A última hora de la tarde, se oye llamar a la puerta.
Claire sigue leyendo, pero cuando una segunda llamada, más fuerte, sucede a la primera, deja el libro y dice a Martin que entre. La puerta se abre unos centímetros, y Martin asoma la cabeza. Lo siento, dice. Esta mañana no he sido muy amable con usted. No debí haberme comportado así. Se disculpa con torpeza y vacilación, de manera tan brusca y forzada que Claire no puede dejar de sonreír con satisfacción, quizá también con un asomo de lástima. Le queda un capítulo por leer, dice. ¿Por qué no se encuentran en el salón dentro de media hora para tomar una copa? Buena idea, aprueba Martin. Ya que se ven obligados a convivir, mejor será que se comporten como personas civilizadas.

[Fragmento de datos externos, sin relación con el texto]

Lemma pair_weight_gap : pair_weight p alpha theta 1 < pair_weight p alpha theta 0.
Proof.
  pose proof PI_gt_3. pose proof decay_exponent_neg.
  unfold pair_weight, decay. simpl INR.
  apply Rplus_lt_le_compat; [apply Rpower_antitone_base_strict|apply Rpower_antitone_base]; nra.
Qed.

(* Strict positivity on (0, pi]: f = (2 sin(theta/2))^(p+1) sum_n sign^n m_n,
   and the last series is at least m_0 - m_1 > 0. *)
Lemma f_p_alpha_pos_right : 0 < f_p_alpha p alpha theta.
Proof.
  pose proof PI_gt_3.
  set (c := (2 * sin (theta / 2)) ^ (p + 1)).
  assert (Hc : 0 < c) by (apply pow_lt; pose proof (sin_gt_0 (theta / 2)); lra).
  set (g := fun n => sign p ^ n * pair_weight p alpha theta n).
  assert (Hpair : forall n, fterm p alpha theta (Z.of_nat n) + tail p alpha (- theta) n = c * g n)
    by (intros n; apply paired_term_closed_form, Htheta).
  destruct (f_p_alpha_paired p alpha Hp Halpha theta) as [Hex Hf]; [rewrite Rabs_pos_eq; lra|].
  assert (Hg : ex_series g).
  { eapply ex_series_ext; [|apply (ex_series_scal_r (/ c) _ Hex)].
    intros n. cbv beta. rewrite Hpair, Rmult_comm, <- Rmult_assoc, Rinv_l, Rmult_1_l by lra.
    reflexivity. }
  rewrite Hf, (Series_ext _ _ Hpair), Series_scal_l.
  apply Rmult_lt_0_compat; [exact Hc|].
  pose proof (signed_series_lb (sign p) (pair_weight p alpha theta) (sign_cases p)
    pair_weight_nonneg pair_weight_antitone Hg) as Hlb.
  fold g in Hlb. pose proof pair_weight_gap. lra.
Qed.

End Positivity.

Lemma abspow_nonzero (x a : R) : x <> 0 -> abspow x a = Rpower (Rabs x) a.
Proof. intros Hx. unfold abspow. destruct (Req_EM_T x 0); [contradiction|reflexivity]. Qed.

Lemma sinc_near_zero (y : R) : 0 < Rabs y <= 1 -> 1 - y ^ 2 <= sin y / y <= 1.
Proof.
  assert (Hpos : forall y, 0 < y <= 1 -> 1 - y ^ 2 <= sin y / y <= 1).
  { intros z Hz. pose proof PI_gt_3.
    pose proof (sin_lt_x z (proj1 Hz)).
    destruct (sin_bound z 0 ltac:(lra) ltac:(lra)) as [Hlow _].
    unfold sin_approx, sin_term in Hlow. simpl in Hlow.
    split; [apply Rcomplements.Rle_div_r; [lra|nra]|apply Rcomplements.Rle_div_l; lra]. }
  intros Hy. destruct (Rlt_or_le 0 y) as [Hy0|Hy0].
  - apply Hpos. rewrite Rabs_pos_eq in Hy; lra.
  - assert (y <> 0) by (intros ->; rewrite Rabs_R0 in Hy; lra).
    rewrite Rabs_left1 in Hy by lra.
    replace (sin y / y) with (sin (- y) / (- y)) by (rewrite sin_neg; field; assumption).
    replace (y ^ 2) with ((- y) ^ 2) by ring. apply Hpos; lra.
Qed.

Lemma pow_bernoulli (q : R) (k : nat) : 0 <= q <= 1 -> 1 - INR k * (1 - q) <= q ^ k <= 1.
Proof.
  intros Hq. induction k as [|k IH]; [simpl; lra|].
  rewrite S_INR. simpl. pose proof (pos_INR k). split; nra.
Qed.

Lemma central_term_ratio (p : nat) (alpha theta : R) : 0 < Rabs theta <= 1 ->
  Rabs (fterm p alpha theta 0 / abspow theta alpha - 1) <= INR (p + 1) * Rabs theta.
Proof.
  intros Hth. pose proof PI_gt_3.
  assert (Hne : theta <> 0) by (intros ->; rewrite Rabs_R0 in Hth; lra).
  assert (Hhalf : 0 < Rabs (theta / 2) <= 1)
    by (unfold Rdiv; rewrite Rabs_mult, Rabs_inv, (Rabs_pos_eq 2) by lra; lra).
  assert (Hratio : fterm p alpha theta 0 / abspow theta alpha = (sin (theta / 2) / (theta / 2)) ^ (p + 1)).
  { unfold fterm. replace (theta + 2 * IZR 0 * PI) with theta by (simpl; ring).
    replace (theta / 2 + IZR 0 * PI) with (theta / 2) by (simpl; ring).
    unfold sinc. destruct (Req_EM_T (theta / 2) 0) as [E|_]; [lra|].
    rewrite (abspow_nonzero theta alpha Hne). field.
    pose proof (Rpower_gt_0 (Rabs theta) alpha). lra. }
  set (q := sin (theta / 2) / (theta / 2)) in *.
  destruct (sinc_near_zero (theta / 2) Hhalf) as [Q1 Q2]. fold q in Q1, Q2.
  assert (Hsq : (theta / 2) ^ 2 <= Rabs theta / 4).
  { replace ((theta / 2) ^ 2) with (Rabs theta ^ 2 / 4) by (rewrite pow2_abs; field). nra. }
  rewrite Hratio.
  destruct (pow_bernoulli q (p + 1)) as [B1 B2]; [lra|].
  rewrite Rabs_left1 by lra.
  assert (INR (p + 1) * (1 - q) <= INR (p + 1) * Rabs theta)
    by (apply Rmult_le_compat_l; [apply pos_INR|lra]).
  lra.
Qed.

La acción se reanuda en el salón. Martin y Claire han abierto una botella de vino, pero él sigue pareciendo nervioso, no muy seguro de lo que hacer con aquella extraña y atractiva estudiante de filosofía. En un torpe intento de decir algo gracioso, señala la camiseta de Claire y dice:
¿Pone Berkeley porque estás leyendo a Berkeley? ¿Te pondrás una que ponga Hume cuando empieces a leer a Hume?
Claire ríe. No, no, contesta. Las dos palabras se pronuncian de manera diferente. Berk–ley y Bark–ley. La primera es la universidad, la segunda es la persona. Ya lo sabes. Todo el mundo lo sabe.
Se escriben igual, objeta Martin. Por tanto, es la misma palabra.
Se escriben igual, confirma Claire, pero son dos palabras distintas.
Claire está a punto de seguir, pero se detiene, comprendiendo de pronto que Martin le está tomando el pelo. Esboza una amplia sonrisa. Alargando la copa hacia Martin, le dice que se la llene. Tú has escrito un relato de dos personajes que tienen el mismo nombre, dice ella, y yo vengo aquí a darte una lección sobre los principios del nominalismo. Debe de ser el vino. Ya no tengo las ideas claras.
Así que has leído ese relato, dice Martin. Debes de ser una de las seis personas que lo conocen.
He leído toda tu obra, contesta Claire. Tanto las novelas como la recopilación de cuentos.
Pero yo sólo he publicado una novela.
Acabas de terminar la segunda, ¿no? Diste una copia del manuscrito a Hector y Frieda. Frieda me la prestó, y la leí la semana pasada. Viajes en el scriptorium. Para mí, es lo mejor que has hecho.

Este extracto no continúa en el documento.